# Harvester vs. Feller Buncher?



## PB (May 24, 2009)

I was wondering if you could tell me the difference between a harvester and a feller buncher? Looks like they serve the same purpose, but are called by different names.


----------



## Cletuspsc (May 24, 2009)

Yea i guess it depends on where you live. . . .around here they pretty much mean the same thing. .. . but i have heard some people refer to CTL (cut to length) systems as harvesters. . . .but also as processors.

-steve


----------



## PB (May 24, 2009)

Thanks. I was wondering about it since the Northeast Logging show. They look like they are built differently. Tigercat and other companies list harvester separate from the feller bunchers.


----------



## Gologit (May 25, 2009)

*Hey Spud Man*

It's mostly semantics. I'm sure there are totally accurate names for each piece of equipment but, around here at least, they're interchangeable.
Hotsaw, fellerbuncher, harvester...even if the machine is different everybody knows what they mean.

LOL...One outfit calls every mechanical cutter they have a Timbco...they haven't run Timbcos in six years but the name still sticks.


----------



## RPM (May 25, 2009)

We differentiate between the two around here. 

Fellerbuncher around here is a hotsaw and is production, felling machine - lay the wood down in bunches for a grapple skidder. 

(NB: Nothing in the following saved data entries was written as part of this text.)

Lemma adj_block i j : block i != block j -> adj s j i = block_adj (block j) (block i).
Proof.
move=> ne_blocks; have ne_ji : j != i by apply: contraNneq ne_blocks => ->.
rewrite adj_nested // /block_adj; move: ne_blocks; rewrite /block.
by case_block i; case_block j; try (exfalso; lia).
Qed.

Definition block_lapl (F : nat -> algC) (p : nat) : algC :=
    (sumn r)%:R * ((block_adj p 0)%:R * (F p - F 0))
  + z%:R * ((block_adj p 1)%:R * (F p - F 1))
  + y%:R * ((block_adj p 2)%:R * (F p - F 2))
  + x%:R * ((block_adj p 3)%:R * (F p - F 3)).

Lemma lapl_block_constant (F : nat -> algC) j : (j < sumn s)%N ->
  \sum_(i < sumn s) (adj s j i)%:R * (F (block j) - F (block i)) =
  block_lapl F (block j).
Proof.
move=> lt_js; set G := fun q => (block_adj (block j) q)%:R * (F (block j) - F q).
have termE i : (adj s j i)%:R * (F (block j) - F (block i)) = G (block i).
  case: (eqVneq (block i) (block j)) => [-> | ne]; first by rewrite /G !subrr !mulr0.
  by rewrite adj_block.
under eq_bigr => i _ do rewrite termE.
rewrite (eq_bigr (fun i : 'I_(sumn s) =>
     ((0 <= i) && (i < sumn r))%N%:R * G 0
   + ((sumn r <= i) && (i < z + sumn r))%N%:R * G 1
   + ((z + sumn r <= i) && (i < y + (z + sumn r)))%N%:R * G 2
   + ((y + (z + sumn r) <= i) && (i < sumn s))%N%:R * G 3)); last first.
  move=> i _; rewrite ltn_ord /block.
  have := ltn_ord i; rewrite {2}sumn_blocks => lt_is.
  by case_block (nat_of_ord i); try (exfalso; lia); rewrite /= ?mul1r ?mul0r ?addr0 ?add0r.
rewrite !big_split !sum_interval ?sumn_blocks; try lia.
by rewrite /block_lapl subn0 !addnK.
Qed.

Hypothesis (x_gt0 : (0 < x)%N) (y_gt0 : (0 < y)%N) (z_gt0 : (0 < z)%N)
  (r_gt0 : (0 < sumn r)%N).
(* Let $W$ be a nonnegative, integer-valued random variable with $p=\mathbb{P}(W=0)$. Let $N\sim\mathrm{Geom}(p)$ and suppose that either $W\leq_{hr}N$ or $N\leq_{hr}W$. Then $$d_{TV}(\mathcal{L}(W),\mathcal{L}(N))\leq\left|1-p(1+\mathbb{E}W)\right|.$$
   Context: $N\sim\mathrm{Geom}(p)$ means $\mathbb{P}(N=k)=p(1-p)^k$, $k\ge0$. For nonnegative integer-valued $T$, $r_T(j)=\mathbb{P}(T=j)/\mathbb{P}(T>j)$; $T\leq_{hr}U$ (hazard rate order) means $r_T(j)\geq r_U(j)$ for all $j$. $d_{TV}(\mathcal{L}(U),\mathcal{L}(V))=\sup_{A\subseteq\{0,1,2,\ldots\}}|\mathbb{P}(U\in A)-\mathbb{P}(V\in A)|$. *)

(* Random variables with values in {0,1,2,...}
   are represented by their laws: probability mass functions on nat. *)
From HB Require Import structures.
From mathcomp Require Import all_boot all_order all_algebra.
From mathcomp Require Import all_classical all_reals ereal esum.
Set Implicit Arguments. Unset Strict Implicit. Unset Printing Implicit Defensive.
Import Order.TTheory GRing.Theory Num.Theory.
Local Open Scope classical_set_scope.
Local Open Scope ring_scope.

Section Defs.
Variable R : realType.

Definition is_pmf (q : nat -> R) : Prop :=
  (forall k, 0 <= q k) /\ (\esum_(k in [set: nat]) (q k)%:E = 1)%E.

Definition prob (q : nat -> R) (A : set nat) : \bar R :=
  \esum_(k in A) (q k)%:E.

Definition tail (q : nat -> R) (j : nat) : \bar R :=
  prob q [set k | (j < k)%N].

Definition hazard (q : nat -> R) (j : nat) : \bar R :=
  if tail q j == 0%E then +oo%E else ((q j) / fine (tail q j))%:E.

Definition hr_le (qT qU : nat -> R) : Prop :=
  forall j : nat, (hazard qU j <= hazard qT j)%E.

Definition geom_pmf (p : R) : nat -> R := fun k => p * (1 - p) ^+ k.

Definition expect (q : nat -> R) : \bar R :=
  \esum_(k in [set: nat]) (k%:R * q k)%:E.

Definition dTV (q1 q2 : nat -> R) : \bar R :=
  ereal_sup [set `|(prob q1 A - prob q2 A)%E|%E | A in [set: set nat]].

End Defs.

From HB Require Import structures.
From mathcomp Require Import all_boot all_order all_algebra.
From mathcomp Require Import all_classical all_reals ereal esum normedtype sequences.
From mathcomp Require Import ring lra.
Import Order.TTheory GRing.Theory Num.Theory.
Local Open Scope classical_set_scope.
Local Open Scope ring_scope.

(* Let S(j) = P(W >= j), so that 1 + E W = sum_j S(j), and recall that
   P(N >= j) = (1 - p)^j.  Comparing the hazard rates with the constant
   hazard rate p / (1 - p) of Geom(p) gives P(W = j) >= p S(j) for every j
   when W <=_hr N (and <= when N <=_hr W); by induction on j this yields
   S(j) <= (1 - p)^j (resp. >=).  Hence y_j = p S(j) is a common lower bound
   (resp. upper bound) of P(W = j) and P(N = j).  For two laws f, g with such
   a common bound, f <= g + |g - y| or g <= f + |g - y| pointwise, so
   d_TV(f, g) <= sum_j |g_j - y_j| = |1 - sum_j y_j|, and here
   sum_j y_j = p (1 + E W). *)

Section pmf_nat.
Context {R : realType}.
Implicit Types (p : R) (q : nat -> R) (A : set nat).

Lemma abseBC (x y : \bar R) : `|x - y|%E = `|y - x|%E.
Proof. by case: x y => [x||] [y||] //=; rewrite distrC. Qed.

Lemma esum_ltn (f : nat -> R) n : (forall k, 0 <= f k) ->
  (\esum_(k in `I_n) (f k)%:E = (\sum_(k < n) f k)%:E)%E.
Proof.
move=> f0; rewrite esum_fset ?finite_II // => [|k _]; last by rewrite lee_fin.
by rewrite -fsbig_ord sumEFin.
Qed.

Lemma esumZl (x : R) (f : nat -> R) : 0 <= x -> (forall k, 0 <= f k) ->
  (x%:E * (\esum_(k in [set: nat]) (f k)%:E) =
   \esum_(k in [set: nat]) (x * f k)%:E)%E.
Proof.
move=> x0 f0; rewrite -!nneseries_esumT => [|k|k]; rewrite ?lee_fin ?mulr_ge0 //.
by rewrite -nneseriesZl // => k _; rewrite lee_fin.
Qed.

Lemma prob_setC q A : is_pmf q -> (prob q A + prob q (~` A) = 1)%E.
Proof.
case=> q0 <-; rewrite [in RHS](esumID A) => [|k _]; last by rewrite lee_fin.
by rewrite !setTI.
Qed.

Lemma prob_ge0 q A : is_pmf q -> (0 <= prob q A)%E.
Proof. by move=> Hq; apply: esum_ge0 => k _; rewrite lee_fin Hq.1. Qed.

Lemma prob_le1 q A : is_pmf q -> (prob q A <= 1)%E.
Proof. by move=> Hq; rewrite -(prob_setC q A Hq) leeDl // prob_ge0. Qed.

Lemma prob_fin_num q A : is_pmf q -> prob q A \is a fin_num.
Proof.
move=> Hq; rewrite ge0_fin_numE ?prob_ge0 //.
exact: le_lt_trans (prob_le1 q A Hq) (ltry 1).
Qed.

Lemma pmf_le1 q k : is_pmf q -> q k <= 1.
Proof.
move=> Hq; rewrite -lee_fin -(esum_set1 (a := fun k => (q k)%:E)) ?lee_fin ?Hq.1 //.
exact: prob_le1.
Qed.

Lemma prob_setCE q A : is_pmf q -> prob q (~` A) = (1 - fine (prob q A))%:E.
Proof.
move=> Hq; have := prob_setC q A Hq.
rewrite -(fineK (prob_fin_num q A Hq)) -(fineK (prob_fin_num q (~` A) Hq)).
rewrite -EFinD => -[<-].
by rewrite addrAC subrr add0r.
Qed.

(* [surv q j] is P(T >= j); the strict tail P(T > j) of the definitions is
   [surv q j.+1]. *)
Definition surv q j : R := 1 - \sum_(k < j) q k.

Lemma survS q j : surv q j = q j + surv q j.+1.
Proof. by rewrite /surv big_ord_recr /=; ring. Qed.

Lemma setC_ltn n : ~` `I_n = [set k | (n <= k)%N].
Proof.
by apply/seteqP; split => k /=; rewrite ltnNge; [move/negP/negbNE | move=> ->].
Qed.

Lemma prob_geqE q j : is_pmf q -> prob q [set k | (j <= k)%N] = (surv q j)%:E.
Proof. by move=> Hq; rewrite -setC_ltn prob_setCE // /prob esum_ltn //; case: Hq. Qed.

Lemma surv_ge0 q j : is_pmf q -> 0 <= surv q j.
Proof. by move=> Hq; rewrite -lee_fin -prob_geqE // prob_ge0. Qed.

Lemma hazardE q j : is_pmf q ->
  hazard q j = if surv q j.+1 == 0 then +oo%E else (q j / surv q j.+1)%:E.
Proof. by move=> Hq; rewrite /hazard /tail prob_geqE // eqe. Qed.

Lemma surv_geom p j : surv (geom_pmf p) j = (1 - p) ^+ j.
Proof.
elim: j => [|j IH]; first by rewrite /surv big_ord0 subr0 expr0.
by have := survS (geom_pmf p) j; rewrite IH /geom_pmf exprS; lra.
Qed.

Lemma geom_pmf_ge0 p k : 0 <= p <= 1 -> 0 <= geom_pmf p k.
Proof. by case/andP=> p0 p1; rewrite mulr_ge0 ?exprn_ge0 ?subr_ge0. Qed.

Lemma is_pmf_geom p : 0 < p <= 1 -> is_pmf (geom_pmf p).
Proof.
case/andP=> p0 p1; have g0 k : 0 <= geom_pmf p k by rewrite geom_pmf_ge0 // ltW // p1.
split => //; rewrite -nneseries_esumT => [|k]; last by rewrite lee_fin.
apply: cvg_lim => //; apply: cvg_EFin; first by apply: nearW => n; rewrite sumEFin.
rewrite (_ : _ \o _ = series (geometric p (1 - p))); last first.
  by apply/funext => n /=; rewrite sumEFin.
have lt1 : `|1 - p| < 1 by rewrite ger0_norm ?subr_ge0 //; lra.
by have := @cvg_geometric_series _ p _ lt1; rewrite subKr divff ?gt_eqF.
Qed.

Lemma hazard_geom p j : 0 < p <= 1 ->
  hazard (geom_pmf p) j = if p == 1 then +oo%E else (p / (1 - p))%:E.
Proof.
move=> p01; rewrite hazardE; last exact: is_pmf_geom.
rewrite surv_geom expf_eq0 /= subr_eq0 eq_sym.
case: eqP => // /eqP p_neq1; congr (_%:E).
by rewrite /geom_pmf exprS invfM mulrACA divff ?mulr1 // expf_neq0 // subr_eq0 eq_sym.
Qed.

Lemma hr_le_geom_surv q p : is_pmf q -> 0 < p <= 1 -> hr_le q (geom_pmf p) ->
  forall j, p * surv q j <= q j.
Proof.
move=> Hq p01 hr j; have := hr j; rewrite hazard_geom // hazardE // (survS q j).
have /andP[p0 p1] := p01; have q0 := Hq.1 j; have s0 := surv_ge0 q j.+1 Hq.
have [->|s_neq0] := eqVneq (surv q j.+1) 0; first by rewrite addr0 => _; nra.
have [->|p_neq1] := eqVneq p 1; first by rewrite leye_eq.
have s_gt0 : 0 < surv q j.+1 by rewrite lt_neqAle eq_sym s_neq0.
have p_lt1 : 0 < 1 - p by rewrite subr_gt0 lt_neqAle p_neq1.
by rewrite lee_fin ler_pdivlMr // mulrAC ler_pdivrMr //; nra.
Qed.

Lemma geom_hr_le_surv q p : is_pmf q -> 0 < p <= 1 -> hr_le (geom_pmf p) q ->
  forall j, q j <= p * surv q j.
Proof.
move=> Hq p01 hr j; have := hr j; rewrite hazard_geom // hazardE // (survS q j).
have /andP[p0 p1] := p01; have q0 := Hq.1 j; have s0 := surv_ge0 q j.+1 Hq.
have [->|p_neq1] := eqVneq p 1; first by rewrite mul1r lerDl.
have [->|s_neq0] := eqVneq (surv q j.+1) 0; first by rewrite leye_eq.
have s_gt0 : 0 < surv q j.+1 by rewrite lt_neqAle eq_sym s_neq0.
have p_lt1 : 0 < 1 - p by rewrite subr_gt0 lt_neqAle p_neq1.
by rewrite lee_fin ler_pdivlMr // mulrAC ler_pdivrMr //; nra.
Qed.

Lemma surv_le_geom q p : p <= 1 -> (forall j, p * surv q j <= q j) ->
  forall j, surv q j <= (1 - p) ^+ j.
Proof.
move=> p1 le_q; elim=> [|j IH]; first by rewrite /surv big_ord0 subr0 expr0.
by have := survS q j; have := le_q j; rewrite exprS; nra.
Qed.

Lemma geom_le_surv q p : p <= 1 -> (forall j, q j <= p * surv q j) ->
  forall j, (1 - p) ^+ j <= surv q j.
Proof.
move=> p1 le_q; elim=> [|j IH]; first by rewrite /surv big_ord0 subr0 expr0.
by have := survS q j; have := le_q j; rewrite exprS; nra.
Qed.

Lemma expect_survE q : is_pmf q ->
  (1 + expect q = \esum_(j in [set: nat]) (surv q j)%:E)%E.
Proof.
move=> Hq; have q0 := Hq.1.
transitivity (\esum_(k in [set: nat]) (k.+1%:R * q k)%:E)%E.
  rewrite -Hq.2 /expect -esumD => [|k _|k _]; rewrite ?lee_fin ?mulr_ge0 //.
  by apply: eq_esum => k _; rewrite -EFinD -addn1 natrD mulrDl mul1r addrC.
have surv_esum j :
    (surv q j)%:E = (\esum_(k in [set k | (j <= k)%N]) (q k)%:E)%E.
  by rewrite -prob_geqE.
have mass_esum k : (k.+1%:R * q k)%:E = (\esum_(j in `I_k.+1) (q k)%:E)%E.
  by rewrite (esum_ltn (fun=> q k)) // sumr_const card_ord mulr_natl.
rewrite (eq_esum (fun j _ => surv_esum j)) (eq_esum (fun k _ => mass_esum k)).
rewrite !esum_esum => [|*|*]; rewrite ?lee_fin //.
rewrite (reindex_esum ([set: nat] `*`` (fun j => [set k | (j <= k)%N])) _
  (fun x : nat * nat => (x.2, x.1))) //; split=> /=.
- by move=> [i j] [_ /= h].
- by move=> [i1 i2] [j1 j2] /= _ _ [] -> ->.
- by move=> [i j] [_ /= h]; exists (j, i).
Qed.

Lemma prob_le_esumD q1 q2 (c : nat -> R) A :
  (forall k, 0 <= q1 k) -> (forall k, 0 <= c k) ->
  (forall k, q2 k <= q1 k + c k) ->
  (prob q2 A <= prob q1 A + \esum_(k in [set: nat]) (c k)%:E)%E.
Proof.
move=> q10 c0 le_q; rewrite /prob.
apply: (@le_trans _ _ (\esum_(k in A) ((q1 k)%:E + (c k)%:E))%E).
  by apply: le_esum => k _; rewrite -EFinD lee_fin.
rewrite esumD => [|k _|k _]; rewrite ?lee_fin //; apply: leeD2l.
rewrite [leRHS](esumID A) => [|k _]; rewrite ?lee_fin // setTI leeDl //.
by apply: esum_ge0 => k _; rewrite lee_fin.
Qed.

Lemma dTV_le_esum q1 q2 (c : nat -> R) : is_pmf q1 -> is_pmf q2 ->
  (forall k, 0 <= c k) -> (forall k, q2 k <= q1 k + c k) ->
  (dTV q1 q2 <= \esum_(k in [set: nat]) (c k)%:E)%E.
Proof.
move=> Hq1 Hq2 c0 le_q; apply: ge_ereal_sup => _ [A _ <-].
have := prob_le_esumD q1 q2 c A Hq1.1 c0 le_q.
have := prob_le_esumD q1 q2 c (~` A) Hq1.1 c0 le_q.
have : (0 <= \esum_(k in [set: nat]) (c k)%:E)%E.
  by apply: esum_ge0 => k _; rewrite lee_fin.
rewrite !prob_setCE // -[prob q1 A](fineK (prob_fin_num q1 A Hq1)).
rewrite -[prob q2 A](fineK (prob_fin_num q2 A Hq2)) /=.
move: (fine (prob q1 A)) (fine (prob q2 A)) => x y.
move: (\esum_(k in _) _) => [d||] //; last by move=> *; rewrite leey.
rewrite -!EFinD !lee_fin => _ h1 h2.
by rewrite ler_norml; apply/andP; split; lra.
Qed.

Lemma dTVC q1 q2 : dTV q1 q2 = dTV q2 q1.
Proof.
rewrite /dTV; congr ereal_sup.
by apply/seteqP; split => _ [A _ <-]; exists A => //; rewrite abseBC.
Qed.

Lemma esum_absB (x y : nat -> R) : (forall k, 0 <= x k) -> (forall k, 0 <= y k) ->
  \esum_(k in [set: nat]) (x k)%:E \is a fin_num ->
  (forall k, x k <= y k) \/ (forall k, y k <= x k) ->
  (`|\esum_(k in [set: nat]) (x k)%:E - \esum_(k in [set: nat]) (y k)%:E| =
   \esum_(k in [set: nat]) `|x k - y k|%:E)%E.
Proof.
move=> x0 y0 x_fin le_xy.
have d0 : (0 <= \esum_(k in [set: nat]) `|x k - y k|%:E)%E.
  by apply: esum_ge0 => k _; rewrite lee_fin.
case: le_xy => le_xy.
- have -> : \esum_(k in [set: nat]) (y k)%:E =
      (\esum_(k in [set: nat]) (x k)%:E + \esum_(k in [set: nat]) `|x k - y k|%:E)%E.
    rewrite -esumD => [|k _|k _]; rewrite ?lee_fin //; apply: eq_esum => k _.
    by rewrite -EFinD distrC ger0_norm ?subr_ge0 // addrC subrK.
  move: x_fin d0; set X := \esum_(k in _) (x k)%:E; set D := \esum_(k in _) _.
  case: X => [s _||] //; case: D => [d d0||] //=.
  by rewrite opprD addrA subrr add0r normrN ger0_norm.
- have Ex : \esum_(k in [set: nat]) (x k)%:E =
      (\esum_(k in [set: nat]) (y k)%:E + \esum_(k in [set: nat]) `|x k - y k|%:E)%E.
    rewrite -esumD => [|k _|k _]; rewrite ?lee_fin //; apply: eq_esum => k _.
    by rewrite -EFinD ger0_norm ?subr_ge0 // addrC subrK.
  have y_ge0 : (0 <= \esum_(k in [set: nat]) (y k)%:E)%E.
    by apply: esum_ge0 => k _; rewrite lee_fin.
  rewrite Ex in x_fin *; move: x_fin y_ge0 d0.
  set Y := \esum_(k in _) (y k)%:E; set D := \esum_(k in _) _.
  case: Y => [s||] //; case: D => [d||] //= _ _ d0.
  by rewrite addrAC subrr add0r ger0_norm.
Qed.

Lemma dTV_le_common_bound q1 q2 (y : nat -> R) : is_pmf q1 -> is_pmf q2 ->
  (forall k, 0 <= y k) ->
  (forall k, y k <= q1 k /\ y k <= q2 k) \/ (forall k, q1 k <= y k /\ q2 k <= y k) ->
  (dTV q1 q2 <= `|1 - \esum_(k in [set: nat]) (y k)%:E|)%E.
Proof.
move=> Hq1 Hq2 y0 hy.
have q2_fin : \esum_(k in [set: nat]) (q2 k)%:E \is a fin_num by rewrite Hq2.2.
have cmp : (forall k, q2 k <= y k) \/ (forall k, y k <= q2 k).
  by case: hy => h; [right|left] => k; case: (h k).
rewrite -Hq2.2 (esum_absB _ _ Hq2.1 y0 q2_fin cmp); case: hy => h.
- apply: dTV_le_esum => // k; have [h1 h2] := h k.
  by have := ler_norm (q2 k - y k); lra.
- rewrite dTVC; apply: dTV_le_esum => // k; have [h1 h2] := h k.
  by have := ler_norm (y k - q2 k); rewrite distrC; lra.
Qed.

End pmf_nat.

Theorem theorem5p2 (R : realType) (qW : nat -> R) :
  is_pmf qW ->
  0 < qW 0%N ->
  hr_le qW (geom_pmf (qW 0%N)) \/ hr_le (geom_pmf (qW 0%N)) qW ->
  (dTV qW (geom_pmf (qW 0%N))
     <= `| 1 - (qW 0%N)%:E * (1 + expect qW) |)%E.
Proof.
move=> Hq p_gt0 hr; set p := qW 0%N in p_gt0 hr *.
have p01 : 0 < p <= 1 by rewrite p_gt0 pmf_le1.
rewrite expect_survE // esumZl => [||k]; [|exact: ltW|exact: surv_ge0].
apply: dTV_le_common_bound => [//||k|]; first exact: is_pmf_geom.
  exact: mulr_ge0 (ltW p_gt0) (surv_ge0 _ k Hq).
case: hr => [/(hr_le_geom_surv _ _ Hq p01)|/(geom_hr_le_surv _ _ Hq p01)] le_q.
- left=> k; split; first exact: le_q.
  by rewrite /geom_pmf ler_pM2l // surv_le_geom // (andP p01).2.
- right=> k; split; first exact: le_q.
  by rewrite /geom_pmf ler_pM2l // geom_le_surv // (andP p01).2.
Qed.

Some contractors are using smaller machines with a harvestor / processor head combo so that they can do both - fall and process (CTL) at the stump and then use a forwarder to take the wood out. Typically, these are be being used for selection cuts, and so more so now - fuel modification projects. Basically, somewhere you are not clear cutting, have some sort of retention prescription and have tip toe around without damaging your residual stems.


----------



## mercer_me (May 25, 2009)

A feller buncher cuts the tree down and lays it on the ground and that's it. A harvester cut's the tree down and cut's it to length, and when the tree gos through the rolers the branches come off. Feller bunchers are usualy used with skidders, and harvesters are usauly used with fowarders.


----------



## Zackman1801 (May 25, 2009)

Feller buncher: usually has a large circular saw around here (Maine) or a hydraulic shear and cuts trees off and lays them down tree length in bunches to be picked up behind a grapple skidder.

Harvester: has a head that grabs onto the tree has a hydraulic chainsaw that swings out cuts the tree down, then it pulls it through the arms, strips the limbs off, and cuts the pieces into marketable lengths with the chainsaw so you have piles of sorted wood. Usually a forwarder follows them and picks up the sorted wood.

darn you mercer you beat me to it!


----------



## RPM (May 25, 2009)

mercer_me said:


> A feller buncher cuts the tree down and lays it on the ground and that's it. A harvester cut's the tree down and cut's it to length, and when the tree gos through the rolers the branches come off. Feller bunchers are usualy used with skidders, and harvesters are usauly used with fowarders.



Isn't that what I said ... ?


----------



## slowp (May 25, 2009)

'cept out here, the forwarders are used for tailholds or guylines because the mills don't like those short logs. 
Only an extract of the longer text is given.